Error when converting TinyLLama to TFLite, model mismatch

martinkorelic commented 3 months ago

Description of the bug:

Followed the examples for TFLite conversion, installed: pip install ai-edge-torch pip install torch-xla

Downloaded the model.safetensors and corrected the path to the model checkpoint from TinyLlama/TinyLlama-1.1B-Chat-v1.0.

Simply ran the script in examples/tiny_llama:

python convert_to_tflite.py

Actual vs expected behavior:

Expected: The model conversion to TFLite should begin.

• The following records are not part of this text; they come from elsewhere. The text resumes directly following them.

(* Consider the topological map $\bar G$ of a narrow-passage warehouse with shelves $s\in\{1,\dots,S\}$ arranged in a rectangular array. For each shelf $s$ choose one of its two 0-instance orientations $I_s$ (clockwise or counterclockwise directed cycle), and choose an arbitrary linear order $s_1,s_2,\dots,s_S$ of the shelves. Build a directed graph by processing the shelves in this order: start with the vertices and directed edges of $I_{s_1}$, and when processing $I_{s_k}$ add its vertices and add each of its directed edges whose underlying undirected edge has not already been oriented by an earlier processed cycle (edges already oriented keep their earlier orientation). Then in the resulting directed graph, for any two vertices $v_s,v_t\in\bar V$ there exists a directed path from $v_s$ to $v_t$ (i.e. the graph is strongly connected).
   Context: Warehouse: a grid with horizontal passage rows $\mathcal H=\{i_1<i_2<\dots\}$ and vertical passage columns $\mathcal V=\{j_1<j_2<\dots\}$ (each of width one cell), with rectangular shelf blocks filling the regions between consecutive passage rows and consecutive passage columns; there are $S=(|\mathcal H|-1)(|\mathcal V|-1)$ shelves. Topological map $\bar G=(\bar V,\bar E)$: its vertices are the crossing vertices (cells $(i,j)\in\mathcal H\times\mathcal V$) and one passage vertex for each passage segment between two consecutive crossings along a passage row or column; each passage vertex is adjacent exactly to the two crossing vertices at the ends of its segment, and there are no other edges. Each shelf $s$ is surrounded by four crossing vertices $v_i,v_j,v_m,v_n$ (its corners, in cyclic order) and four passage vertices $v'_i,v'_j,v'_m,v'_n$ (its sides, $v'_i$ between $v_i$ and $v_j$, etc.). The clockwise 0-instance of $s$ is the directed cycle $v_i\to v'_i\to v_j\to v'_j\to v_m\to v'_m\to v_n\to v'_n\to v_i$, and the counterclockwise 0-instance is the reverse cycle $v_i\to v'_n\to v_n\to v'_m\to v_m\to v'_j\to v_j\to v'_i\to v_i$. *)

From HB Require Import structures.
From mathcomp Require Import all_boot.
Set Implicit Arguments. Unset Strict Implicit. Unset Printing Implicit Defensive.

(* Vertices of the topological map of a warehouse with p passage rows and
   q passage columns (indexed 0..p-1 and 0..q-1 in increasing order).
   Cross a b  : crossing of passage row a and passage column b;
   HPass a b  : passage vertex of the segment of passage row a between
                columns b and b+1;
   VPass a b  : passage vertex of the segment of passage column b between
                rows a and a+1. *)
Inductive vertex := Cross of nat & nat | HPass of nat & nat | VPass of nat & nat.

Definition vertex_code (v : vertex) : nat * nat * nat :=
  match v with
  | Cross a b => (0, a, b) | HPass a b => (1, a, b) | VPass a b => (2, a, b)
  end.
Definition vertex_decode (c : nat * nat * nat) : vertex :=
  match c with
  | (0, a, b) => Cross a b | (1, a, b) => HPass a b | (_, a, b) => VPass a b
  end.
Lemma vertex_codeK : cancel vertex_code vertex_decode.
Proof. by case. Qed.
HB.instance Definition _ := Equality.copy vertex (can_type vertex_codeK).

Definition is_vertex (p q : nat) (v : vertex) : bool :=
  match v with
  | Cross a b => (a < p) && (b < q)
  | HPass a b => (a < p) && (b.+1 < q)
  | VPass a b => (a.+1 < p) && (b < q)
  end.

Definition is_edge (p q : nat) (u v : vertex) : bool :=
  let adj x y := match x, y with
    | HPass a b, Cross a' b' => (a' == a) && ((b' == b) || (b' == b.+1))
    | VPass a b, Cross a' b' => (b' == b) && ((a' == a) || (a' == a.+1))
    | _, _ => false end in
  [&& is_vertex p q u, is_vertex p q v & adj u v || adj v u].

(* Shelves: the block between passage rows a, a+1 and columns b, b+1. *)
Definition is_shelf (p q : nat) (s : nat * nat) : bool :=
  (s.1.+1 < p) && (s.2.+1 < q).

(* Closed vertex sequence of the clockwise 0-instance of shelf s
   (corners v_i=(a,b), v_j=(a,b+1), v_m=(a+1,b+1), v_n=(a+1,b)). *)
Definition cw_cycle (s : nat * nat) : seq vertex :=
  let: (a, b) := s in
  [:: Cross a b; HPass a b; Cross a b.+1; VPass a b.+1;
      Cross a.+1 b.+1; HPass a.+1 b; Cross a.+1 b; VPass a b].

Definition cycle_edges (c : seq vertex) : seq (vertex * vertex) :=
  match c with
  | [::] => [::]
  | x :: _ => zip c (rcons (behead c) x)
  end.

Definition instance (cw : bool) (s : nat * nat) : seq (vertex * vertex) :=
  let E := cycle_edges (cw_cycle s) in
  if cw then E else [seq (e.2, e.1) | e <- rev E].

Definition add_edge (E : seq (vertex * vertex)) (e : vertex * vertex) :=
  if ((e.1, e.2) \in E) || ((e.2, e.1) \in E) then E else rcons E e.

Definition build (o : nat * nat -> bool) (ord : seq (nat * nat))
  : seq (vertex * vertex) :=
  foldl (fun E s => foldl add_edge E (instance (o s) s)) [::] ord.

Definition build_vertices (o : nat * nat -> bool) (ord : seq (nat * nat))
  : seq vertex := flatten [seq cw_cycle s | s <- ord].

Definition reachable (E : seq (vertex * vertex)) (u v : vertex) : Prop :=
  exists2 w : seq vertex, path (fun x y => (x, y) \in E) u w & last u w = v.

From HB Require Import structures.
From mathcomp Require Import all_boot zify.
Set Implicit Arguments. Unset Strict Implicit.

(* Call an edge list E "reversible" when for every directed edge
   x -> y of E there is a directed path back from y to x.  The empty list is
   reversible, and processing one shelf preserves reversibility: the edges
   newly added are edges of the chosen 0-instance I_s, every edge x -> y of
   I_s is traversable in the new graph (either it was added, or its reverse
   was already present, and that reverse lies in the old reversible graph
   since I_s never contains both orientations of an edge), and since I_s is
   a directed cycle all its vertices are then mutually reachable.  Hence the
   built graph is reversible, so every undirected edge of a shelf boundary,
   which is oriented one way or the other, joins mutually reachable vertices.
   Finally every edge of \bar G lies on the boundary of some shelf, and \bar G
   is connected (walk along passage row 0, then down the passage columns), so
   mutual reachability relates every vertex to Cross 0 0. *)

Section Reachability.
Variable E : seq (vertex * vertex).

Lemma reach_refl u : reachable E u u.
Proof. by exists [::]. Qed.

Lemma reach_edge u v : (u, v) \in E -> reachable E u v.
Proof. by move=> huv; exists [:: v] => //=; rewrite huv. Qed.

Lemma reach_trans u v w : reachable E u v -> reachable E v w -> reachable E u w.
Proof.
move=> [s1 p1 l1] [s2 p2 l2]; exists (s1 ++ s2); last by rewrite last_cat l1.
by rewrite cat_path p1 l1 p2.
Qed.

Lemma reach_mono E' u v : {subset E <= E'} -> reachable E u v -> reachable E' u v.
Proof. by move=> sub [s ps ls]; exists s => //; apply: sub_path ps => x y /sub. Qed.

End Reachability.

Definition strongly_linked (E : seq (vertex * vertex)) (x y : vertex) : Prop :=
  reachable E x y /\ reachable E y x.

Lemma slink_refl E x : strongly_linked E x x.
Proof. by split; apply: reach_refl. Qed.

Lemma slink_sym E x y : strongly_linked E x y -> strongly_linked E y x.
Proof. by case. Qed.

Lemma slink_trans E x y z :
  strongly_linked E x y -> strongly_linked E y z -> strongly_linked E x z.
Proof. by move=> [hxy hyx] [hyz hzy]; split; apply: reach_trans; eassumption. Qed.

Lemma add_edges_mono l E : {subset E <= foldl add_edge E l}.
Proof.
elim: l E => [|e l' IH] E x hx //=; apply: IH.
by rewrite /add_edge; case: ifP => // _; rewrite mem_rcons inE hx orbT.
Qed.

Lemma add_edges_orient l E x y : (x, y) \in l ->
  ((x, y) \in foldl add_edge E l) || ((y, x) \in foldl add_edge E l).
Proof.
elim: l E => //= e l' IH E; rewrite inE => /orP [/eqP <-|]; last exact: IH.
rewrite /add_edge /=; case: ifP => [/orP [h|h]|_].
- by rewrite (add_edges_mono l' h).
- by rewrite (add_edges_mono l' h) orbT.
- by rewrite (add_edges_mono l' (x := (x, y))) // mem_rcons mem_head.
Qed.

Actual: Mismatch in model state dict when loading the model:

Missing key(s) in state_dict: "transformer_blocks.0.atten_func.qkv_projection.weight", 
"transformer_blocks.0.atten_func.output_projection.weight", "transformer_blocks.1.atten_func.qkv_projection.weight", 
"transformer_blocks.1.atten_func.output_projection.weight", "transformer_blocks.2.atten_func.qkv_projection.weight", 
"transformer_blocks.2.atten_func.output_projection.weight", "transformer_blocks.3.atten_func.qkv_projection.weight", 
"transformer_blocks.3.atten_func.output_projection.weight", "transformer_blocks.4.atten_func.qkv_projection.weight", 
"transformer_blocks.4.atten_func.output_projection.weight", "transformer_blocks.5.atten_func.qkv_projection.weight", 
"transformer_blocks.5.atten_func.output_projection.weight", "transformer_blocks.6.atten_func.qkv_projection.weight", 
"transformer_blocks.6.atten_func.output_projection.weight", "transformer_blocks.7.atten_func.qkv_projection.weight", 
"transformer_blocks.7.atten_func.output_projection.weight", "transformer_blocks.8.atten_func.qkv_projection.weight", 
"transformer_blocks.8.atten_func.output_projection.weight", "transformer_blocks.9.atten_func.qkv_projection.weight", 
"transformer_blocks.9.atten_func.output_projection.weight", "transformer_blocks.10.atten_func.qkv_projection.weight", 
"transformer_blocks.10.atten_func.output_projection.weight", "transformer_blocks.11.atten_func.qkv_projection.weight", 
"transformer_blocks.11.atten_func.output_projection.weight", "transformer_blocks.12.atten_func.qkv_projection.weight", 
"transformer_blocks.12.atten_func.output_projection.weight", "transformer_blocks.13.atten_func.qkv_projection.weight", 
"transformer_blocks.13.atten_func.output_projection.weight", "transformer_blocks.14.atten_func.qkv_projection.weight", 
"transformer_blocks.14.atten_func.output_projection.weight", "transformer_blocks.15.atten_func.qkv_projection.weight", 
"transformer_blocks.15.atten_func.output_projection.weight", "transformer_blocks.16.atten_func.qkv_projection.weight", 
"transformer_blocks.16.atten_func.output_projection.weight", "transformer_blocks.17.atten_func.qkv_projection.weight", 
"transformer_blocks.17.atten_func.output_projection.weight", "transformer_blocks.18.atten_func.qkv_projection.weight", 
"transformer_blocks.18.atten_func.output_projection.weight", "transformer_blocks.19.atten_func.qkv_projection.weight", 
"transformer_blocks.19.atten_func.output_projection.weight", "transformer_blocks.20.atten_func.qkv_projection.weight", 
"transformer_blocks.20.atten_func.output_projection.weight", "transformer_blocks.21.atten_func.qkv_projection.weight", 
"transformer_blocks.21.atten_func.output_projection.weight". 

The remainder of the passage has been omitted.